MAT334--2020S > Quiz 3

TUT0401 QUIZ3

(1/1)

**Weiyin Wu**:

Let $\gamma_{1}$ be the semicircle from 1 to -1 through i and $\gamma_{2}$ the semicircle from 1 to -1 through -i

Compute $\int_{\gamma_{1}} z^2 dz$ and $\int_{\gamma_{2}} z^2 dz$

Can you account for the fact that they are equal?

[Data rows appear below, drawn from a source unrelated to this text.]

(* Let $X$ be any topological space with basepoint $\ast\in X$, and let $H$ be an open subgroup of the free Graev topological group $F_G(X,\ast)$. Then $H$ (with the subspace topology) is isomorphic, as a topological group, to a free Graev topological group $F_G(Z,z_0)$ for some based space $(Z,z_0)$.
   Context: No separation axioms are assumed on $X$. The free Graev topological group on a based space $(X,\ast)$ is the topological group $F_G(X,\ast)$ together with a continuous map $\sigma_\ast:X\to F_G(X,\ast)$ with $\sigma_\ast(\ast)=e$ (the identity), universal in the sense that every continuous map $f:X\to G$ into a topological group $G$ with $f(\ast)=e$ induces a unique continuous homomorphism $\tilde f:F_G(X,\ast)\to G$ with $\tilde f\sigma_\ast=f$. Algebraically it is the free group on $X\setminus\{\ast\}$. *)

Set Implicit Arguments.

Record topology (X : Type) : Type := Topology {
  open : (X -> Prop) -> Prop;
  open_full : open (fun _ => True);
  open_inter : forall U V, open U -> open V -> open (fun x => U x /\ V x);
  open_union : forall F : (X -> Prop) -> Prop,
      (forall U, F U -> open U) -> open (fun x => exists U, F U /\ U x)
}.

Definition continuous {X Y : Type} (tX : topology X) (tY : topology Y)
  (f : X -> Y) : Prop :=
  forall V, open tY V -> open tX (fun x => V (f x)).

Definition prod_open {X Y : Type} (tX : topology X) (tY : topology Y)
  (W : X * Y -> Prop) : Prop :=
  forall p, W p -> exists A B, open tX A /\ open tY B /\ A (fst p) /\ B (snd p)
    /\ forall x y, A x -> B y -> W (x, y).

Record topgroup : Type := TopGroup {
  tg_car :> Type;
  tg_mul : tg_car -> tg_car -> tg_car;
  tg_inv : tg_car -> tg_car;
  tg_one : tg_car;
  tg_top : topology tg_car;
  tg_assoc : forall x y z, tg_mul x (tg_mul y z) = tg_mul (tg_mul x y) z;
  tg_mul1g : forall x, tg_mul tg_one x = x;
  tg_mulg1 : forall x, tg_mul x tg_one = x;
  tg_mulVg : forall x, tg_mul (tg_inv x) x = tg_one;
  tg_mulgV : forall x, tg_mul x (tg_inv x) = tg_one;
  tg_mul_cont : forall W, open tg_top W ->
      prod_open tg_top tg_top (fun p => W (tg_mul (fst p) (snd p)));
  tg_inv_cont : continuous tg_top tg_top tg_inv
}.

Definition is_hom (G K : topgroup) (f : G -> K) : Prop :=
  forall x y, f (tg_mul G x y) = tg_mul K (f x) (f y).

Definition is_free_graev (X : Type) (tX : topology X) (x0 : X)
  (G : topgroup) (sigma : X -> G) : Prop :=
  continuous tX (tg_top G) sigma /\ sigma x0 = tg_one G /\
  forall (K : topgroup) (f : X -> K),
    continuous tX (tg_top K) f -> f x0 = tg_one K ->
    exists g : G -> K,
      is_hom G K g /\ continuous (tg_top G) (tg_top K) g /\
      (forall x, g (sigma x) = f x) /\
      (forall g' : G -> K, is_hom G K g' -> continuous (tg_top G) (tg_top K) g' ->
         (forall x, g' (sigma x) = f x) -> forall y, g' y = g y).

Definition open_subgroup (G : topgroup) (H : G -> Prop) : Prop :=
  open (tg_top G) H /\ H (tg_one G) /\
  (forall x y, H x -> H y -> H (tg_mul G x y)) /\
  (forall x, H x -> H (tg_inv G x)).

Definition topgroup_iso_onto (K G : topgroup) (H : G -> Prop) (phi : K -> G) : Prop :=
  is_hom K G phi /\
  (forall a b, phi a = phi b -> a = b) /\
  (forall y, H y <-> exists k, phi k = y) /\
  continuous (tg_top K) (tg_top G) phi /\
  (forall U, open (tg_top K) U ->
     exists V, open (tg_top G) V /\ forall k, U k <-> V (phi k)).

From Stdlib Require Import FunctionalExtensionality PropExtensionality ProofIrrelevance
  ClassicalEpsilon Classical Wf_nat Arith Lia.

(* Let (F, sigma) be free on the based space (X, x0) and H an open subgroup.
   Since F is generated by sigma(X), there is a Schreier transversal s for the
   right cosets of H.  The elements  elt t w = s(t) w s(t w)^-1  lie in H.  Let
   Z be the quotient of (H\F) x X collapsing the edges of the Schreier tree to a
   base point, and tau : Z -> H the map (v, x) |-> elt v sigma(x).  Then (H, tau)
   is free on Z.  Extensions: a based map f : Z -> L is lifted to a map
   X -> L wr (H\F) into a topological wreath product (a topological group because
   H is open), extended to F by freeness, and read off at the trivial coset; the
   Schreier property makes this an extension of f.  Uniqueness: a continuous
   homomorphism out of H is recovered from a homomorphism F -> L wr (H\F), which
   is determined by its values on sigma(X). *)

Notation "x *g y" := (tg_mul _ x y) (at level 40, left associativity).
Notation "x ^-1" := (tg_inv _ x) (at level 2, left associativity, format "x ^-1").
Notation one := (tg_one _).

Section GroupAlgebra.
Variable G : topgroup.
Implicit Types a b c : G.

Lemma mulgA a b c : a *g (b *g c) = a *g b *g c. Proof. apply tg_assoc. Qed.
Lemma mul1g a : one *g a = a. Proof. apply tg_mul1g. Qed.
Lemma mulg1 a : a *g one = a. Proof. apply tg_mulg1. Qed.
Lemma mulVg a : a^-1 *g a = one. Proof. apply tg_mulVg. Qed.
Lemma mulgV a : a *g a^-1 = one. Proof. apply tg_mulgV. Qed.

Lemma mulKg a b : a^-1 *g (a *g b) = b.
Proof. rewrite mulgA, mulVg, mul1g. reflexivity. Qed.
Lemma mulgK a b : a *g b *g b^-1 = a.
Proof. rewrite <- mulgA, mulgV, mulg1. reflexivity. Qed.
Lemma mulgKV a b : a *g b^-1 *g b = a.
Proof. rewrite <- mulgA, mulVg, mulg1. reflexivity. Qed.

Lemma mulg_cancel_l a b c : a *g b = a *g c -> b = c.
Proof. intros E. rewrite <- (mulKg a b), <- (mulKg a c), E. reflexivity. Qed.

Lemma invg_unique a b : a *g b = one -> b = a^-1.
Proof. intros E. apply (mulg_cancel_l a). rewrite E, mulgV. reflexivity. Qed.

Lemma invgK a : a^-1^-1 = a.
Proof. symmetry. apply invg_unique, mulVg. Qed.
Lemma invMg a b : (a *g b)^-1 = b^-1 *g a^-1.
Proof. symmetry. apply invg_unique. rewrite mulgA, mulgK, mulgV. reflexivity. Qed.
Lemma invg1 : (one : G)^-1 = one.
Proof. symmetry. apply invg_unique, mul1g. Qed.

Lemma idem_one a : a *g a = a -> a = one.
Proof. intros E. apply (mulg_cancel_l a). rewrite E, mulg1. reflexivity. Qed.
End GroupAlgebra.

Lemma hom_one (G K : topgroup) (g : G -> K) : is_hom G K g -> g one = one.
Proof. intros h. apply idem_one. rewrite <- h, mul1g. reflexivity. Qed.

Lemma hom_inv (G K : topgroup) (g : G -> K) : is_hom G K g -> forall a, g a^-1 = (g a)^-1.
Proof. intros h a. apply invg_unique. rewrite <- h, mulgV. apply hom_one, h. Qed.

Lemma open_ext {X} (t : topology X) (U V : X -> Prop) :
  (forall x, U x <-> V x) -> open t U -> open t V.
Proof.
  intros E HU. replace V with U; auto.
  apply functional_extensionality; intros x; apply propositional_extensionality; auto.
Qed.

Lemma open_local {X} (t : topology X) (U : X -> Prop) :
  (forall x, U x -> exists O, open t O /\ O x /\ forall y, O y -> U y) -> open t U.
Proof.
  intros HL.
  apply (open_ext t (fun x => exists O, (open t O /\ forall y, O y -> U y) /\ O x)).
  - intros x; split.
    + intros [O [[_ HO] Ox]]; auto.
    + intros Ux. destruct (HL x Ux) as [O [? [? ?]]]. exists O; auto.
  - apply open_union. intros O [? _]; auto.
Qed.

Lemma cont_comp {X Y Z} (tX : topology X) (tY : topology Y) (tZ : topology Z) f g :
  continuous tX tY f -> continuous tY tZ g -> continuous tX tZ (fun x => g (f x)).
Proof. intros Hf Hg V HV. apply (Hf _ (Hg V HV)). Qed.

Section Translations.
Variable G : topgroup.

Lemma open_lmul (c : G) V : open (tg_top G) V -> open (tg_top G) (fun x => V (c *g x)).
Proof.
  intros HV. apply open_local. intros x Vx.
  destruct (tg_mul_cont G V HV (c, x) Vx) as [A [B [HA [HB [Ac [Bx HAB]]]]]].
  exists B; repeat split; auto. intros y By. apply (HAB c y Ac By).
Qed.

Lemma open_rmul (c : G) V : open (tg_top G) V -> open (tg_top G) (fun x => V (x *g c)).
Proof.
  intros HV. apply open_local. intros x Vx.
  destruct (tg_mul_cont G V HV (x, c) Vx) as [A [B [HA [HB [Ac [Bx HAB]]]]]].
  exists A; repeat split; auto. intros y Ay. apply (HAB y c Ay Bx).
Qed.

Lemma open_inv V : open (tg_top G) V -> open (tg_top G) (fun x => V x^-1).
Proof. apply tg_inv_cont. Qed.
End Translations.

Section Subgroup.
Variable G : topgroup.
Variable P : G -> Prop.
Hypothesis P1 : P one.
Hypothesis PM : forall x y, P x -> P y -> P (x *g y).
Hypothesis PV : forall x, P x -> P x^-1.

Definition sub_car := {x : G | P x}.
Definition subval (k : sub_car) : G := proj1_sig k.

Lemma subval_inj (a b : sub_car) : subval a = subval b -> a = b.
Proof. destruct a, b; simpl; intros E; subst. f_equal; apply proof_irrelevance. Qed.

Definition sub_open (U : sub_car -> Prop) : Prop :=
  exists V, open (tg_top G) V /\ forall k, U k <-> V (subval k).

Lemma sub_open_full : sub_open (fun _ => True).
Proof. exists (fun _ => True). split; [apply open_full | tauto]. Qed.

Lemma sub_open_inter U V : sub_open U -> sub_open V -> sub_open (fun x => U x /\ V x).
Proof.
  intros [U' [HU EU]] [V' [HV EV]]. exists (fun x => U' x /\ V' x). split.
  - apply open_inter; auto.
  - intros k. rewrite EU, EV. tauto.
Qed.

Lemma sub_open_union (Fm : (sub_car -> Prop) -> Prop) :
  (forall U, Fm U -> sub_open U) -> sub_open (fun x => exists U, Fm U /\ U x).
Proof.
  intros HF.
  exists (fun y => exists V, (open (tg_top G) V /\
            exists U, Fm U /\ forall k, U k <-> V (subval k)) /\ V y).
  split.
  - apply open_union. intros V [? _]; auto.
  - intros k; split.
    + intros [U [FU Uk]]. destruct (HF U FU) as [V [HV EV]].
      exists V. split; [split; [auto | exists U; auto] | apply EV; auto].
    + intros [V [[HV [U [FU EU]]] Vk]]. exists U. split; auto. apply EU; auto.
Qed.

Definition sub_top : topology sub_car :=
  @Topology sub_car sub_open sub_open_full sub_open_inter sub_open_union.

Definition sub_mul (a b : sub_car) : sub_car :=
  exist _ (subval a *g subval b) (PM _ _ (proj2_sig a) (proj2_sig b)).
Definition sub_inv (a : sub_car) : sub_car := exist _ (subval a)^-1 (PV _ (proj2_sig a)).
Definition sub_one : sub_car := exist _ one P1.

Lemma sub_mul_cont W : open sub_top W ->
  prod_open sub_top sub_top (fun p => W (sub_mul (fst p) (snd p))).
Proof.
  intros [V [HV EV]] [p q] Wpq. simpl in Wpq. apply EV in Wpq. simpl in Wpq.
  destruct (tg_mul_cont G V HV (subval p, subval q) Wpq)
    as [A [B [HA [HB [Ap [Bq HAB]]]]]].
  exists (fun k => A (subval k)), (fun k => B (subval k)).
  split; [exists A; split; [auto | tauto] |].
  split; [exists B; split; [auto | tauto] |].
  repeat split; auto. intros x y Ax By. apply EV. apply (HAB _ _ Ax By).
Qed.

Lemma sub_inv_cont : continuous sub_top sub_top sub_inv.
Proof.
  intros U [V [HV EV]]. exists (fun x => V x^-1). split.
  - apply open_inv; auto.
  - intros k. apply EV.
Qed.

Definition subgroup_tg : topgroup.
Proof.
  refine (@TopGroup sub_car sub_mul sub_inv sub_one sub_top _ _ _ _ _
            sub_mul_cont sub_inv_cont);
    intros; apply subval_inj; simpl.
  - apply mulgA. - apply mul1g. - apply mulg1. - apply mulVg. - apply mulgV.
Defined.

Lemma subval_cont : continuous (tg_top subgroup_tg) (tg_top G) subval.
Proof. intros V HV. exists V. split; auto. tauto. Qed.
End Subgroup.
Arguments subval {G P} k.
Arguments subval_inj {G P} a b.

$$r_{1}(t) = e^{it} (0\leq t \leq\pi)$$

$$r'_{1}(t) = ie^{it}$$

$$\int_{\gamma_{1}} z^2 dz = \int_{0}^{\pi} (e^{it})^{2}\cdot ie^{it}dt$$

$$=i\int_{0}^{\pi} e^{3it}dt$$

$$=\frac{1}{3}(e^{3i\pi}-e^{0})$$

$$=\frac{1}{3}(\cos (3\pi) +i\sin (3\pi)-1)$$

$$=\frac{-2}{3}$$

Similarly,

$$r_{2}(t) = e^{it} (-\pi\leq t \leq 0)$$

$$r'_{2}(t) = ie^{it}$$

$$\int_{\gamma_{2}} z^2 dz = \int_{0}^{-\pi} (e^{it})^{2}\cdot ie^{it}dt$$

$$=\frac{1}{3}(e^{-3i\pi}-e^{0})$$

$$=\frac{1}{3}(\cos (-3\pi) +i\sin (-3\pi)-1)$$

$$=\frac{-2}{3}$$

Yes, $\int_{\gamma_{1}} z^2 dz = \int_{\gamma_{2}} z^2 dz$ since $\gamma_{1}$ and $\gamma_{2}$ are in the same direction, $z^{2}$ is analytic and the region (a circle) is close.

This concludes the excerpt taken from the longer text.